I'm still blown away today by the choices in lithography methods used in
patterning silicon. Because large high-quality lenses get so expensive and
difficult to manufacture, we have adopted rigs with systems of stepper motors
to move about the wafer and lens, so that we can use both a smaller lens, and
a slit (instead of annular) lens. I always think, "how can that be both easier
and cheaper!", but it is...

Visual aid to illustrate a "scanner" method:
[http://www.lithoguru.com/images/lithobasics_clip_image012.gi...](http://www.lithoguru.com/images/lithobasics_clip_image012.gif)

The "scanner" method is the slit lens, the "stepper" method is the smaller
lens, and today we do both.

More info:

[http://www.lithoguru.com/scientist/lithobasics.html](http://www.lithoguru.com/scientist/lithobasics.html)

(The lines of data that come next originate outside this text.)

Lemma mem_closed_nbhd E u x : (x \in closed_nbhd E u) = (x == u) || ([set u; x] \in E).
Proof. by rewrite !inE. Qed.

Lemma closed_nbhdS E F u : F \subset E -> closed_nbhd F u \subset closed_nbhd E u.
Proof.
move=> sFE; apply/subsetP => x; rewrite !mem_closed_nbhd.
by case/orP=> [-> // | /(subsetP sFE) ->]; rewrite orbT.
Qed.

Lemma closed_nbhdU1 E e u : u \notin e -> closed_nbhd (e |: E) u = closed_nbhd E u.
Proof.
move=> ue; apply/setP => x; rewrite !mem_closed_nbhd in_setU1.
by have -> : ([set u; x] == e) = false by apply: contraNF ue => /eqP <-; rewrite set21.
Qed.

Lemma closed_nbhdD1 E e u : u \notin e -> closed_nbhd (E :\ e) u = closed_nbhd E u.
Proof.
move=> ue; apply/setP => x; rewrite !mem_closed_nbhd in_setD1.
by have -> : ([set u; x] != e) by apply: contraNneq ue => <-; rewrite set21.
Qed.

Lemma closed_nbhd_edgeU1 E u v : closed_nbhd ([set u; v] |: E) u = v |: closed_nbhd E u.
Proof.
apply/setP => x; rewrite [in RHS]in_setU1 !mem_closed_nbhd in_setU1.
case: (eqVneq x u) => [-> | xu] /=; first by rewrite orbT.
congr (_ || _); apply/eqP/eqP => [e | -> //].
have /set2P [xu' | //] : x \in [set u; v] by rewrite -e set22.
by rewrite xu' eqxx in xu.
Qed.

Lemma edge_sub_closed_nbhd E e u :
  simple_graph E -> e \in E -> u \in e -> e \subset closed_nbhd E u.
Proof.
move=> /forallP /(_ e) /implyP sE eE; have /cards2P [x [y [_ exy]]] := sE eE; subst e.
rewrite subUset !sub1set !mem_closed_nbhd => /set2P [] ->.
  by rewrite eqxx eE orbT.
by rewrite eqxx setUC eE orbT.
Qed.

Lemma has_short_path_sub d F F' s t :
  F \subset F' -> has_short_path d F s t -> has_short_path d F' s t.
Proof.
move=> sFF' /existsP [k /existsP [p /and3P [pth up lp]]].
apply/existsP; exists k; apply/existsP; exists p; rewrite /is_st_path up lp !andbT.
by apply: sub_path pth => u v; apply: (subsetP sFF').
Qed.

Lemma st_path_has_short_path d F s t (p : seq 'I_n) :
  size p <= d -> is_st_path F s t p -> has_short_path d F s t.
Proof.
move=> hp pth; apply/existsP; exists (Ordinal (hp : size p < d.+1)).
by apply/existsP; exists (in_tuple p).
Qed.

(* A path of length at most 3 is s, x, y, t, where x = s or y = t for shorter paths. *)
Lemma short_path3P F s t : s != t ->
  reflect (exists x y, [/\ x \in closed_nbhd F s, [set x; y] \in F, y \in closed_nbhd F t
                          & [&& x != y, x != t & y != s]])
          (has_short_path 3 F s t).
Proof.
move=> st; apply: (iffP idP) => [/existsP [[k hk] /existsP [[p /= /eqP sz]]] | [x [y [hx hxy hy]]]].
  rewrite /is_st_path /adj; case: p sz => [|x [|y [|z [|w p]]]] //= sz.
  - by rewrite (negbTE st).
  - case/and3P => /andP [hst _] _ /eqP ?; subst x.
    by exists s, t; rewrite !mem_closed_nbhd !eqxx st eq_sym st.
  - rewrite !inE !andbT !negb_or.
    case/and3P => /andP [hsx hxy] /andP [/andP [sx sy] xy] /eqP ?; subst y.
    exists s, x; split; rewrite ?mem_closed_nbhd ?eqxx //.
      by rewrite setUC hxy orbT.
    by rewrite sx sy eq_sym sx.
  - rewrite !inE !andbT !negb_or.
    case/and3P => /and3P [hsx hxy hyz] /and3P [/and3P [sx sy sz'] /andP [xy xz] yz] /eqP ?; subst z.
    exists x, y; split; rewrite ?mem_closed_nbhd ?hsx ?orbT //.
      by rewrite setUC hyz orbT.
    by rewrite xy xz eq_sym sy.
  - by rewrite -sz in hk.
case/and3P => xy xt ys.
have sx : x != s -> [set s; x] \in F by move=> xs; move: hx; rewrite mem_closed_nbhd (negbTE xs).
have ty : y != t -> [set y; t] \in F.
  by move=> yt; move: hy; rewrite mem_closed_nbhd (negbTE yt) setUC.
case: (eqVneq x s) => [? | xs]; case: (eqVneq y t) => [? | yt]; subst.
- apply: (@st_path_has_short_path _ _ _ _ [:: t]) => //.
  by rewrite /is_st_path /= /adj hxy !inE st eqxx.
- apply: (@st_path_has_short_path _ _ _ _ [:: y; t]) => //.
  by rewrite /is_st_path /= /adj hxy (ty yt) !inE negb_or yt eq_sym ys st eqxx.
- apply: (@st_path_has_short_path _ _ _ _ [:: x; t]) => //.
  by rewrite /is_st_path /= /adj (sx xs) hxy !inE negb_or xt eq_sym xs st eqxx.
- apply: (@st_path_has_short_path _ _ _ _ [:: x; y; t]) => //.
  rewrite /is_st_path /= /adj (sx xs) hxy (ty yt) !inE !negb_or xy xt yt eqxx.
  by rewrite eq_sym xs eq_sym ys st.
Qed.

Lemma short_path_via F s t u : s != t -> u != s -> u != t ->
  [set s; u] \in F -> [set u; t] \in F -> has_short_path 3 F s t.
Proof.
move=> st us ut suF utF; apply/short_path3P => //; exists s, u.
by rewrite !mem_closed_nbhd eqxx suF (setUC [set t]) utF orbT eq_sym us st.
Qed.

Lemma no_short_path_to_isolated F s t :
  s != t -> {in F, forall e, t \notin e} -> ~~ has_short_path 3 F s t.
Proof.
move=> st isol; apply/negP => /short_path3P [//| x [y [_ hxy]]]; rewrite mem_closed_nbhd.
case/orP => [/eqP eyt | hty] _; first by have := isol _ hxy; rewrite eyt set22.
by have := isol _ hty; rewrite set21.
Qed.

Lemma two_edges_no_short_path s t x y : s != y -> s != t -> x != y -> x != t ->
  ~~ has_short_path 3 [set [set s; x]; [set y; t]] s t.
Proof.
move=> sy st xy xt; apply/negP => /short_path3P [//| x' [y' [hx hxy hy _]]].
have dis z : z \in [set s; x] -> z \in [set y; t] -> False.
  by rewrite !inE => /orP [] /eqP ->;
    rewrite ?(negbTE sy) ?(negbTE st) ?(negbTE xy) ?(negbTE xt).
have hx' : x' \in [set s; x].
  move: hx; rewrite mem_closed_nbhd => /orP [/eqP -> | ]; first exact: set21.
  case/set2P => e; first by rewrite -e set22.
  by case: (dis s (set21 s x)); rewrite -e set21.
have hy' : y' \in [set y; t].
  move: hy; rewrite mem_closed_nbhd => /orP [/eqP -> | ]; first exact: set22.
  case/set2P => e; last by rewrite -e set22.
  by case: (dis t _ (set22 y t)); rewrite -e set21.
case/set2P: hxy => e.
- by apply: (dis y' _ hy'); rewrite -e set22.
- by apply: (dis x' hx'); rewrite -e set21.
Qed.

Lemma short_path_through_new_edge F h s t : s != t -> s \notin h -> t \notin h ->
  ~~ has_short_path 3 F s t -> has_short_path 3 (h |: F) s t ->
  exists x y, [/\ h = [set x; y], x != y, [set s; x] \in F & [set y; t] \in F].
Proof.
move=> st sh th nF /short_path3P [//| x [y [hx hxy hy xyts]]].
rewrite closed_nbhdU1 // in hx; rewrite closed_nbhdU1 // in hy.
case/setU1P: hxy => [hxy_h | hxy]; last by case/negP: nF; apply/short_path3P => //; exists x, y.
have xh : x \in h by rewrite -hxy_h set21.
have yh : y \in h by rewrite -hxy_h set22.
case/and3P: xyts => xy _ _; exists x, y; split => //.
- by move: hx; rewrite mem_closed_nbhd => /orP [/eqP exs | //]; rewrite -exs xh in sh.
- move: hy; rewrite mem_closed_nbhd (setUC [set t]) => /orP [/eqP eyt | //].
  by rewrite -eyt yh in th.
Qed.

End ShortPaths.

Section Counting.
Variables (n d : nat) (E E' : {set {set 'I_n}}) (s t : 'I_n).
Variables psi phi : {set {set 'I_n}} -> {set {set 'I_n}}.
Hypothesis psiP : forall F, pathset d E F s t ->
  [/\ pathset d E' (psi F) s t, #|psi F| = #|F| & phi (psi F) = F].

Let pathsets X i := [set F in powerset X | (#|F| == i) && has_short_path d F s t].

Let mem_pathsets X i F : reflect (pathset d X F s t /\ #|F| = i) (F \in pathsets X i).
Proof. by rewrite !inE; apply: (iffP and3P) => [[? /eqP ? ?] | [[? ?] /eqP ?]]. Qed.

Let psi_pathsets i : psi @: pathsets E i \subset pathsets E' i.
Proof.
apply/subsetP => _ /imsetP [F /mem_pathsets [pF <-] ->].
by have [pF' cF _] := psiP pF; apply/mem_pathsets.
Qed.

Let card_psi_pathsets i : #|psi @: pathsets E i| = #|pathsets E i|.
Proof.
apply: card_in_imset => F1 F2 /mem_pathsets [p1 _] /mem_pathsets [p2 _] e.
by have [_ _ <-] := psiP p1; have [_ _ <-] := psiP p2; rewrite e.
Qed.

Lemma Ncount_le_of_cancel i : Ncount d E s t i <= Ncount d E' s t i.
Proof. by rewrite /Ncount -card_psi_pathsets subset_leq_card ?psi_pathsets. Qed.

Lemma Ncount_lt_of_cancel F0 : pathset d E' F0 s t -> ~ pathset d E (phi F0) s t ->
  Ncount d E s t #|F0| < Ncount d E' s t #|F0|.
Proof.
move=> pF0 npF0; rewrite /Ncount -card_psi_pathsets; apply: proper_card.
apply/properP; split; first exact: psi_pathsets.
exists F0; first exact/mem_pathsets.
apply/imsetP => -[F /mem_pathsets [pF _] eF0].
by have [_ _ eF] := psiP pF; rewrite eF0 eF in npF0.
Qed.

Lemma stronger_of_cancel m F0 : pathset d E' F0 s t -> ~ pathset d E (phi F0) s t ->
  0 < #|F0| <= m -> stronger d m E' s t E s t.
Proof.
move=> pF0 npF0 hF0; split=> [i _ | ]; first exact: Ncount_le_of_cancel.
by exists #|F0|; split=> //; apply: Ncount_lt_of_cancel.
Qed.

End Counting.

Lemma stronger_trans n d m (E1 E2 E3 : {set {set 'I_n}}) (s1 t1 s2 t2 s3 t3 : 'I_n) :
  stronger d m E3 s3 t3 E2 s2 t2 -> stronger d m E2 s2 t2 E1 s1 t1 ->
  stronger d m E3 s3 t3 E1 s1 t1.
Proof.
move=> [le32 _] [le21 [j [hj lt21]]]; split=> [i hi | ].
- exact: leq_trans (le21 i hi) (le32 i hi).
- by exists j; split=> //; apply: leq_trans lt21 (le32 j hj).
Qed.

Definition outer_edges (n : nat) (E : {set {set 'I_n}}) (s : 'I_n) : {set {set 'I_n}} :=
  [set e in E | ~~ (e \subset closed_nbhd E s)].

Section Twins.
Variables (n : nat) (E : {set {set 'I_n}}) (s t : 'I_n).
Hypotheses (tt : two_terminal E s t) (tw : true_twins E s t).
Implicit Types (F : {set {set 'I_n}}) (u x y : 'I_n) (e g : {set 'I_n}).
Local Notation R := (closed_nbhd E s).

Let st : s != t. Proof. by case/andP: tt. Qed.

Lemma source_in_nbhd : s \in R.
Proof. by rewrite mem_closed_nbhd eqxx. Qed.

Lemma target_in_nbhd : t \in R.
Proof. by rewrite tw mem_closed_nbhd eqxx. Qed.

Lemma source_edge x : x \in R -> x != s -> [set s; x] \in E.
Proof. by rewrite mem_closed_nbhd => /orP [/eqP -> | //]; rewrite eqxx. Qed.

Lemma target_edge x : x \in R -> x != t -> [set x; t] \in E.
Proof. by rewrite tw mem_closed_nbhd setUC => /orP [/eqP -> | //]; rewrite eqxx. Qed.

Let inside_closed_nbhd F u x : u \in R -> x \in R -> x \in closed_nbhd F u ->
  x \in closed_nbhd [set e in F | e \subset R] u.
Proof.
move=> uR xR; rewrite !mem_closed_nbhd => /orP [-> // | ux].
by rewrite inE ux subUset !sub1set uR xR orbT.
Qed.

Lemma short_path_inside F : F \subset E -> has_short_path 3 F s t ->
  has_short_path 3 [set e in F | e \subset R] s t.
Proof.
move=> sFE /short_path3P [// | x [y [hx hxy hy xyts]]].
have xR : x \in R := subsetP (closed_nbhdS s sFE) x hx.
have yR : y \in R by rewrite tw; apply: (subsetP (closed_nbhdS t sFE)).
apply/short_path3P => //; exists x, y; split=> //.
- exact: inside_closed_nbhd source_in_nbhd xR hx.
- by rewrite inE hxy subUset !sub1set xR yR.
- exact: inside_closed_nbhd target_in_nbhd yR hy.
Qed.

[http://en.wikipedia.org/wiki/Stepper#Scanners](http://en.wikipedia.org/wiki/Stepper#Scanners)

------
frozenport
Its always fun when somebody from another field (computer science) discovers
something that is very well know in your field (E&M). One of the parts missing
from this paper is that the PSF's of optical systems have a real and imaginary
part but measuring the imaginary part is quite difficult and is mostly only
done for biological samples.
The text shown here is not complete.